1.            Have women been accorded the same spiritual respect and stature as men? Can they  become leaders of both men and women?

2.            Are women accepted as ritual specialists who are allowed to perform the same religious activities as men or, if they enact different ritual roles, are these roles regarded as not in any way inferior to the roles of men?

3.            Do women have access to learning the specific sacred language of their religion, to translating and commenting on these texts, and to reading them at public ceremonies?

4.            Is a woman’s body regarded as impure, polluted, or a distraction? Is it viewed as less worthy of honor and thus liable to be exploited?

The specific terms used may vary according to the religion but, by and large, it is extraordinarily difficult to find a religion where women have been given the same symbolic status as men in all of the above categories, unless they are religions of women only.
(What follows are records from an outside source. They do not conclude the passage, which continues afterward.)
Lemma integral_sq_count k r : good_rect r ->
  (\int[P]_w sq_count k r w =
   \sum_(0 <= c <oo) (((c ^ 2)%:R * Defs.poisson_pmf (area r) c)%:E))%E.
Proof.
move=> gr; rewrite integral_nneseries //; last first.
  by move=> c; exact/measurable_EFinP/measurable_funM/measurable_indic/measurable_count_event.
apply: eq_eseriesr => c _; under eq_integral do rewrite EFinM.
rewrite ge0_integralZl_EFin //; last first.
  exact/measurable_EFinP/measurable_indic/measurable_count_event.
rewrite integral_indic ?setIT //; last exact: measurable_count_event.
by rewrite EFinM; congr (_ * _)%E; exact: count_event_prob.
Qed.

End PoissonRandomMeasures.

(* c <= 1/(2t) + t c^2/2 is (t c - 1)^2 >= 0 divided by 2t *)
Lemma sum_le_amgm (R : realFieldType) N (a : 'I_N -> R) (t : R) : 0 < t ->
  \sum_(i < N) a i <= N%:R / (2 * t) + \sum_(i < N) (t / 2 * a i ^+ 2).
Proof.
move=> t0; have -> : N%:R / (2 * t) = \sum_(i < N) (1 / (2 * t)).
  by rewrite big_const_ord iter_addr addr0 -[RHS]mulr_natr mulrC div1r.
rewrite -big_split /=; apply: ler_sum => i _; rewrite -subr_ge0.
have -> : 1 / (2 * t) + t / 2 * a i ^+ 2 - a i = (t * a i - 1) ^+ 2 / (2 * t).
  by field; rewrite gt_eqF.
by rewrite divr_ge0 ?sqr_ge0 // mulr_ge0 // ltW.
Qed.

Section IndicatorIntegralBound.
Variables (R : realType) (d : measure_display) (Om : measurableType d).
Variables (P : probability Om R) (I : Type) (M : I -> Om -> set (R * R)).
Hypothesis hM : indep_std_poisson P M.
Variables (N : nat) (k : 'I_N -> I) (r : R * R * R * R) (K : R).
Hypothesis gr : good_rect r.
Hypothesis hK :
  (\sum_(0 <= n <oo) (((n ^ 2)%:R * Defs.poisson_pmf (area r) n)%:E) <= K%:E)%E.
Variables (B : set Om) (eps : R).
Hypotheses (mB : measurable B) (PB : (P B <= eps%:E)%E).

Let majorant (a t : R) (w : Om) : \bar R :=
  ((a * \1_B w)%:E + \sum_(i < N) ((t / 2)%:E * sq_count M (k i) r w))%E.

Lemma majorant_ge0 a t w : 0 <= a -> 0 < t -> (0 <= majorant a t w)%E.
Proof.
move=> a0 t0; rewrite adde_ge0 ?lee_fin ?mulr_ge0 // sume_ge0 // => i _.
by rewrite mule_ge0 ?sq_count_ge0 // lee_fin divr_ge0 // ltW.
Qed.

Lemma measurable_majorant a t : measurable_fun setT (majorant a t).
Proof.
apply: emeasurable_funD.
  by apply/measurable_EFinP/measurable_funM => //; exact: measurable_indic.
by apply: emeasurable_sum => i; apply: emeasurable_funM => //; apply: (measurable_sq_count hM).
Qed.

Lemma integral_majorant_le a t : 0 <= a -> 0 < t ->
  (\int[P]_w majorant a t w <= (a * eps + N%:R * (t / 2 * K))%:E)%E.
Proof.
move=> a0 t0; have t20 : (0 <= (t / 2)%:E)%E by rewrite lee_fin divr_ge0 // ltW.
rewrite ge0_integralD //; first last.
- by apply: emeasurable_sum => i; apply: emeasurable_funM => //; apply: (measurable_sq_count hM).
- by move=> w _; apply: sume_ge0 => i _; rewrite mule_ge0 ?sq_count_ge0.
- by apply/measurable_EFinP/measurable_funM => //; exact: measurable_indic.
- by move=> w _; rewrite lee_fin mulr_ge0.
rewrite ge0_integral_sum //; first last.
- by move=> i w _; rewrite mule_ge0 ?sq_count_ge0.
- by move=> i; apply: emeasurable_funM => //; apply: (measurable_sq_count hM).
under eq_integral do rewrite EFinM.
rewrite ge0_integralZl_EFin //; last exact/measurable_EFinP/measurable_indic.
rewrite integral_indic ?setIT // EFinD; apply: leeD.
  by rewrite EFinM; apply: lee_wpmul2l; rewrite ?lee_fin.
have -> : N%:R * (t / 2 * K) = \sum_(i < N) (t / 2 * K).
  by rewrite sumr_const card_ord mulr_natl.
rewrite -sumEFin.
apply: lee_sum => i _; rewrite ge0_integralZl_EFin //; first last.
- exact: (measurable_sq_count hM).
- by move=> w _; exact: sq_count_ge0.
by rewrite (integral_sq_count hM) // [X in (_ <= X)%E]EFinM lee_wpmul2l.
Qed.
(* Let $X$ be a $T_1$ space, $\mathcal C$ a pre-pseudogroup on $X$, and $\mathcal C\to\hat{\mathcal C}$ the universal morphism to a pseudogroup sheaf (i.e. $\hat{\mathcal C}$ is a pseudogroup sheaf and every morphism from $\mathcal C$ to a pseudogroup sheaf $\mathcal D$ factors uniquely through $\mathcal C\to\hat{\mathcal C}$). Then for every open $V\subseteq X$, the induced map of presheaves $\mathcal C(-,V)\to\hat{\mathcal C}(-,V)$ is the sheafification of the presheaf $\mathcal C(-,V)$.
   Context: $X_{top}$ denotes the set of open subsets of $X$, regarded as a category with exactly one morphism $U\to V$ iff $U\subseteq V$. Let $\mathcal C$ be a small category with $\mathrm{Ob}(\mathcal C)=X_{top}$ containing $X_{top}$ as a subcategory (identity on objects). For each open $V$, $\mathcal C(-,V)$ is a presheaf of sets on $X$ (restriction along $U'\subseteq U$ = precomposition with the inclusion morphism). For $x\in X$ let $\mathcal C_x(V)=\operatorname{colim}_{U\ni x}\mathcal C(U,V)$ (germ of $f\in\mathcal C(U,V)$ at $x$ written $f_x$); postcomposition with inclusions makes this functorial in $V$, and for $y\in X$ let $\mathcal C_x^y=\lim_{V\ni y}\mathcal C_x(V)$ (limit over open neighbourhoods of $y$), with projections $\mathcal C_x^y\to\mathcal C_x(V)$. Composition in $\mathcal C$ induces $\mathcal C_y^z\times\mathcal C_x^y\to\mathcal C_x^z$: given $\varphi\in\mathcal C_x^y,\psi\in\mathcal C_y^z$ and open $W\ni z$, choose $g\in\mathcal C(V,W)$, $y\in V$, representing the component $\psi_W$, and $f\in\mathcal C(U,V)$ representing $\varphi_V$; the $W$-component of $\psi\circ\varphi$ is $(g\circ f)_x$. This defines a category $\mathcal C^\star$ with objects the points of $X$ and $\mathcal C^\star(x,y)=\mathcal C_x^y$. For $X$ a $T_1$ space, a pre-pseudogroup on $X$ is such a $\mathcal C$ satisfying: (1) $\mathrm{Ob}(\mathcal C)=\mathrm{Ob}(X_{top})$; (2) for every open $V$ and $x\in X$, the map $\coprod_{y\in V}\mathcal C_x^y\to\mathcal C_x(V)$ induced by the projections is a bijection; (3) $\mathcal C^\star$ is a groupoid. A pseudogroup sheaf on $X$ is a pre-pseudogroup such that moreover (4) each presheaf $\mathcal C(-,V)$ is a sheaf. A morphism of pre-pseudogroups $\mathcal C\to\mathcal D$ is a functor whose composite with the embedding $X_{top}\subseteq\mathcal C$ equals the embedding $X_{top}\subseteq\mathcal D$. *)

Set Implicit Arguments.
Unset Strict Implicit.

Record Topology (X : Type) := {
  open : (X -> Prop) -> Prop;
  open_full : open (fun _ => True);
  open_inter : forall A B, open A -> open B -> open (fun x => A x /\ B x);
  open_union : forall (I : Type) (F : I -> X -> Prop),
      (forall i, open (F i)) -> open (fun x => exists i, F i x)
}.

Definition T1 (X : Type) (T : Topology X) : Prop :=
  forall x y : X, x <> y -> exists U, open T U /\ U x /\ ~ U y.

Section Pseudogroups.
Variable X : Type.
Variable T : Topology X.

Record Opn := { carrier :> X -> Prop; is_open : open T carrier }.

(* the unique morphism U -> V of X_top exists iff sub U V *)
Definition sub (U V : Opn) : Prop := forall x, U x -> V x.

Record Presheaf := {
  sec : Opn -> Type;
  res : forall U U' : Opn, sub U' U -> sec U -> sec U';
  res_id : forall (U : Opn) (p : sub U U) (s : sec U), res p s = s;
  res_comp : forall (U U' U'' : Opn) (p : sub U' U) (q : sub U'' U')
               (r : sub U'' U) (s : sec U), res r s = res q (res p s)
}.

Definition is_sheaf (P : Presheaf) : Prop :=
  forall (U : Opn) (I : Type) (Ui : I -> Opn) (hsub : forall i, sub (Ui i) U),
    (forall x, U x -> exists i, Ui i x) ->
    forall s : forall i, sec P (Ui i),
      (forall i j (W : Opn) (p : sub W (Ui i)) (q : sub W (Ui j)),
          res p (s i) = res q (s j)) ->
      exists t : sec P U,
        (forall i, res (hsub i) t = s i) /\
        (forall t' : sec P U, (forall i, res (hsub i) t' = s i) -> t' = t).
Lemma coprime_common_dvd d x y : d %| x -> d %| y -> coprime x y -> d = 1.
Proof. by move=> dx dy /eqP c; apply/eqP; rewrite -dvdn1 -c dvdn_gcd dx dy. Qed.

Lemma coprime_odd u v : coprime u v -> odd u || odd v.
Proof.
move=> c; case ou: (odd u) => //; case ov: (odd v) => //.
suff : 2 = 1 by [].
by apply: (coprime_common_dvd _ _ c); rewrite dvdn2 ?ou ?ov.
Qed.

Lemma coprime_mul_sqr x y z : coprime x y -> x * y = z ^ 2 ->
  exists a b, x = a ^ 2 /\ y = b ^ 2.
Proof.
have factor_sqr x' y' : coprime x' y' -> x' * y' = z ^ 2 -> x' = gcdn x' z ^ 2.
  move=> c e; rewrite -gcdn_sqr -e expnS expn1 -muln_gcdr.
  by rewrite (eqP c) muln1.
move=> c e; exists (gcdn x z), (gcdn y z); split; first exact: factor_sqr _ _ c e.
by apply: (factor_sqr y x); [rewrite coprime_sym | rewrite mulnC].
Qed.

Lemma coprime_mul_fourth x y t : coprime x y -> x * y = t ^ 4 ->
  exists a b, [/\ x = a ^ 4, y = b ^ 4, t = a * b & coprime a b].
Proof.
move=> c e.
have e2 : x * y = (t ^ 2) ^ 2 by rewrite e -expnM.
have [a1 [b1 [ea eb]]] := coprime_mul_sqr c e2.
have e1 : a1 * b1 = t ^ 2 by apply: sqrn_inj; rewrite expnMn -ea -eb.
have c1 : coprime a1 b1 by rewrite -coprime_sqr -ea -eb.
have [a [b [ea1 eb1]]] := coprime_mul_sqr c1 e1.
exists a, b; split.
- by rewrite ea ea1 -expnM.
- by rewrite eb eb1 -expnM.
- by apply: sqrn_inj; rewrite expnMn -ea1 -eb1.
- by rewrite -coprime_sqr -ea1 -eb1.
Qed.

(* An integer that is the square of a rational is the square of an integer. *)
Lemma rational_sqr_nat n x m : 0 < n -> n ^ 2 * x = m ^ 2 -> exists k, x = k ^ 2.
Proof.
move=> n0 e.
have /dvdnP[k em] : n %| m by rewrite -(dvdn_pexp2r _ _ (isT : 0 < 2)) -e dvdn_mulr.
exists k; apply/eqP; rewrite -(eqn_pmul2l (_ : 0 < n ^ 2)) ?expn_gt0 ?n0 //.
by rewrite e em expnMn mulnC.
Qed.

End CoprimeSquares.

Section QuarticDescent.

Lemma sqr_mod4 x : x ^ 2 %% 4 = odd x.
Proof.
rewrite -modnXm -(odd_mod x (erefl : odd 4 = false)).
have : x %% 4 < 4 by rewrite ltn_mod.
by case: (x %% 4) => [|[|[|[|//]]]].
Qed.

Lemma fourth_mod8 x : x ^ 4 %% 8 = odd x.
Proof.
rewrite -modnXm -(odd_mod x (erefl : odd 8 = false)).
have : x %% 8 < 8 by rewrite ltn_mod.
by case: (x %% 8) => [|[|[|[|[|[|[|[|//]]]]]]]].
Qed.
Lemma partial_sum_tail_bound (c : nat -> R) (y l : R) N :
  (forall k, 0 <= c k <= y ^ k) -> 0 <= y < 1 -> is_lim_seq (sum_n c) l ->
  sum_n c N <= l <= sum_n c N + y ^ S N / (1 - y).
Proof.
  intros Hc Hy Hl. split.
  - apply (is_lim_seq_incr_compare (sum_n c) l Hl). intros n. apply sum_n_le_S. apply Hc.
  - assert (Hm : forall m, sum_n c (m + N) <= sum_n c N + y ^ S N / (1 - y)).
    { assert (Hgeom : forall m, sum_n c (m + N) <= sum_n c N + y ^ S N * (1 - y ^ m) / (1 - y)).
      { induction m as [|m IH]; [simpl; unfold Rdiv; rewrite Rminus_diag; lra |].
        replace (S m + N)%nat with (S (m + N)) by lia. rewrite sum_Sn. unfold plus; simpl.
        destruct (Hc (S (m + N))) as [_ Hk].
        replace (y ^ S (m + N)) with (y ^ S N * y ^ m) in Hk by (rewrite <- pow_add; f_equal; lia).
        apply Rle_trans with (sum_n c N + y ^ S N * (1 - y ^ m) / (1 - y) + y ^ S N * y ^ m);
          [lra | right; simpl; field; lra]. }
      intros m. eapply Rle_trans; [apply Hgeom |]. apply Rplus_le_compat_l.
      unfold Rdiv. apply Rmult_le_compat_r; [left; apply Rinv_0_lt_compat; lra |].
      pose proof (pow_le y m (proj1 Hy)). pose proof (pow_le y (S N) (proj1 Hy)).
      assert (0 <= y ^ S N * y ^ m) by (apply Rmult_le_pos; auto). nra. }
    exact (is_lim_seq_le _ _ _ _ Hm (proj1 (is_lim_seq_incr_n (sum_n c) N l) Hl)
             (is_lim_seq_const _)).
Qed.

(* [cb n] is the central binomial coefficient divided by [4 ^ n], i.e. the [n]-th Taylor
   coefficient of [(1 - x) ^ (-1/2)]; [kcoef n] is that of [(2 / PI) * K x]. *)
Fixpoint cb (n : nat) : R :=
  match n with O => 1 | S m => cb m * ((2 * INR m + 1) / (2 * INR m + 2)) end.

Definition kcoef (n : nat) : R := cb n ^ 2.

Lemma cb_S n : cb (S n) = cb n * ((2 * INR n + 1) / (2 * INR n + 2)).
Proof. reflexivity. Qed.

Lemma cb_bounds n : 0 < cb n <= 1.
Proof.
  induction n as [|n IH]; simpl; [lra |]. pose proof (pos_INR n).
  assert (0 < (2 * INR n + 1) / (2 * INR n + 2) <= 1).
  { split; [apply Rdiv_lt_0_compat; lra |].
    apply Rmult_le_reg_r with (2 * INR n + 2); [lra |].
    unfold Rdiv; rewrite Rmult_assoc, Rinv_l; lra. }
  split; [apply Rmult_lt_0_compat | nra]; lra.
Qed.

Lemma kcoef_bounds n : 0 < kcoef n <= cb n.
Proof. unfold kcoef. pose proof (cb_bounds n). nra. Qed.

Lemma Rabs_cb_le_1 n : Rabs (cb n) <= 1.
Proof. pose proof (cb_bounds n). rewrite Rabs_pos_eq; lra. Qed.

Lemma Rabs_kcoef_le_1 n : Rabs (kcoef n) <= 1.
Proof. pose proof (cb_bounds n). pose proof (kcoef_bounds n). rewrite Rabs_pos_eq; lra. Qed.

(* On coefficients this is [2 (n + 1) cb (n + 1) = (2 n + 1) cb n]. *)
Lemma PSeries_cb_ode x : Rabs x < 1 ->
  2 * (1 - x) * PSeries (PS_derive cb) x = PSeries cb x.
Proof.
  intros Hx.
  assert (H1 : is_pseries (PS_derive cb) x (PSeries (PS_derive cb) x)).
  { apply PSeries_correct, CV_radius_inside. rewrite CV_radius_derive.
    apply CV_radius_gt_of_bounded; [apply Rabs_cb_le_1 | exact Hx]. }
  assert (H0 := is_pseries_of_bounded cb x Rabs_cb_le_1 Hx).
  assert (H := is_pseries_lin _ _ _ _ _ 1 (-1)
                 (is_pseries_lin _ _ _ _ _ 2 (-2) H1 (is_pseries_shift _ _ _ H1)) H0).
  apply is_pseries_ext with (b := fun _ => 0) in H.
  - apply is_pseries_unique in H. rewrite PSeries_const_0 in H. lra.
  - intros [|n]; unfold PS_derive.
    + simpl. as_R_eq. field.
    + rewrite !cb_S, !S_INR. pose proof (pos_INR n). as_R_eq. field. lra.
Qed.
In order to ground this theory of symbolic status, I use the example Bhikkhuni Dhammananda, whose temple and facilities near Bangkok in Thailand I have visited twice. In her writings and her advocacy for the full ordination of bhikkunis in Thailand, Bhikkhuni Dhammananda indicates a connection between the low symbolic status of women in Thailand and the violence and disrespect with which they are treated, especially in the sex trade. Her argument is that by allowing the ordination of nuns, women’s "symbolic status" (not her term) would be raised or strengthened. Such a move, on her account, would also help to alleviate the disrespect and abuse to which women are submitted in many aspects of Thai culture.

While this may be a particularly graphic example, it does help to bring into focus the many other ways that male-dominated religions have excluded and denied women access to religious participation. While I do not dismiss women’s rights entirely, it seems to me that to argue simply for human rights as equal access for women in religion does not even begin to address the deep-seated and pervasive forms of religious prejudice that inform women’s allotted inferior symbolic status and the consequent suspicion, or even malevolence, with which they are regarded.